#MoNM Day 5: Elliott Smith’s From a Basement on the Hill

Even having never listened to it before, there’s something comfortably familiar about From a Basement on the Hill. As an Elliott Smith album, it fits. The melodies have the same minor-key melancholy that he perfected a decade before this album was released. The arrangements, while on the whole more restrained than XO or Figure 8, are still fully realized and brimming with small surprises. The lyrics still mix self-deprecation and bitterness with occasional hints of playfulness.

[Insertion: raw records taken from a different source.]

(* Let $k$ be a field of characteristic $0$ and let $F(X,Y), G(X,Y)\in k[X,Y]$. Assume there exist $A(X,Y), B(X,Y)\in k[X,Y]$ such that $$A(F(X,Y),G(X,Y))=X,\quad B(F(X,Y),G(X,Y))=Y,\quad F(A(X,Y),B(X,Y))=X,\quad G(A(X,Y),B(X,Y))=Y.$$ Then there exist $\mathcal{X}(t), \mathcal{Y}(t)\in k[X,Y][t]$ such that $$F(\mathcal{X}(t),\mathcal{Y}(t))=tX+(1-t)F(X,Y),\qquad G(\mathcal{X}(t),\mathcal{Y}(t))=tY+(1-t)G(X,Y),$$ with $\mathcal{X}(0)=X$, $\mathcal{Y}(0)=Y$, $\mathcal{X}(1)=A(X,Y)$ and $\mathcal{Y}(1)=B(X,Y)$. Moreover, the degree in $t$ of $\mathcal{X}(t)$ and of $\mathcal{Y}(t)$ is at most $\max\{\deg F(X,Y), \deg G(X,Y)\}$.
   Context: For a polynomial $F\in k[X,Y]$, $\deg(F)$ denotes the total degree (maximum total degree of the monomials occurring in $F$). *)

From mathcomp Require Import all_boot all_order all_algebra.
From mathcomp Require Import multinomials.mpoly.
Set Implicit Arguments. Unset Strict Implicit. Unset Printing Implicit Defensive.
Import GRing.Theory.
Local Open Scope ring_scope.

(* k[X,Y] is {mpoly k[2]}, X = 'X_0, Y = 'X_1; k[X,Y][t] is {poly {mpoly k[2]}}. *)

(* total degree of a bivariate polynomial (msize p = 1 + total degree, 0 for p = 0) *)
Definition tdeg (k : fieldType) (p : {mpoly k[2]}) : nat := (msize p).-1.

Definition subst2 (k : fieldType) (P U V : {mpoly k[2]}) : {mpoly k[2]} :=
  P \mPo [tuple U; V].

(* substitution P(U(t),V(t)) for P in k[X,Y], U(t) V(t) in k[X,Y][t] *)
Definition subst2t (k : fieldType) (P : {mpoly k[2]}) (U V : {poly {mpoly k[2]}})
  : {poly {mpoly k[2]}} :=
  mmap (fun c : k => (c%:MP)%:P) (fun i : 'I_2 => if i == ord0 then U else V) P.

From mathcomp Require Import all_boot all_order all_algebra.
From mathcomp Require Import multinomials.mpoly.
From mathcomp Require Import zify ring.
Import GRing.Theory.
Local Open Scope ring_scope.

(* Put Phi = (F, G), Psi = (A, B) and X(t) = A(l(t)), Y(t) = B(l(t)) along the
   segment l(t) = t (X, Y) + (1 - t) (F, G); the identities then follow from
   Phi o Psi = id. For the degree bound work over the fraction field K of
   k[X,Y], where l(t) = c + e t is a line, and let P = Psi(l) = (X(t), Y(t)).
   Fix a coordinate i and let o be the other one. Modulo P_i a polynomial in P
   only sees its restriction to the axis x_i = 0, so Phi_j(P) = c_j + e_j t
   gives e_j t = a_j(P_o) mod P_i, where a_j = Phi_j(axis) - c_j has degree at
   most M = max(deg F, deg G). If some e_j is nonzero, t is thus a polynomial
   in P_o modulo P_i, and P_o is annihilated by h = e_1 a_0 - e_0 a_1; hence
   K[t]/(P_i) is spanned by the powers of P_o below deg h, and
   deg P_i <= deg h <= M, unless h = 0, in which case the axis is mapped onto
   the line and P_i = 0. *)

Lemma dvdp_sub_comp_poly {K : fieldType} (p : {poly K}) {q u v : {poly K}} :
  q %| u - v -> q %| (p \Po u) - (p \Po v).
Proof.
move=> quv; elim/poly_ind: p => [|p a IHp]; first by rewrite !comp_poly0 subrr dvdp0.
have -> : ((p * 'X + a%:P) \Po u) - ((p * 'X + a%:P) \Po v)
          = ((p \Po u) - (p \Po v)) * u + (p \Po v) * (u - v).
  by rewrite !comp_poly_MXaddC; ring.
by apply: dvdp_add; [exact: dvdp_mulr | exact: dvdp_mull].
Qed.

Lemma size_mul_leq_add {R : nzRingType} a b (p q : {poly R}) :
  (size p <= a.+1)%N -> (size q <= b.+1)%N -> (size (p * q)%R <= (a + b).+1)%N.
Proof. by move=> sp sq; rewrite (leq_trans (size_polyMleq _ _)) //; lia. Qed.

Section CompDvdp.
Context {K : fieldType} {q h w tau : {poly K}}.
Hypotheses (qhw : q %| h \Po w) (qXw : q %| 'X - (tau \Po w)).

Lemma comp_dvdp_eq0 (s : {poly K}) : (size s < size q)%N -> h %| s \Po tau -> s = 0.
Proof.
move=> lt_sq /dvdpP[r def_s_tau].
have qs : q %| s.
  move: qXw => /(dvdp_sub_comp_poly s); rewrite comp_polyXr comp_polyA def_s_tau.
  by rewrite comp_polyM (dvdp_subl _ (dvdp_mull _ qhw)).
by apply/eqP; apply: contraTT lt_sq => /dvdp_leq/(_ qs); rewrite leqNgt.
Qed.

And, six years after its release, it’s also (relatively) easy to listen to the album without analyzing every element in terms of Smith’s suicide. Some lines still do jump out, naturally – “Give me one good reason not to do it” on “Kings Crossing” in particular lends itself to that interpretation. But, for me, at least, From a Basement doesn’t sound like a “death” record. It doesn’t even sound particularly unfinished. It sounds like what it is – the next Elliott Smith album, a slightly more raw take on the major label sound of his previous two albums – and it’s far too immediate of a record to be written off as just an artifact. At first blush, I’m not sure it lives up to its predecessors; it doesn’t have the urgency of the first couple albums or the meticulousness of the last two. Then again, those are high standards to hold any album to.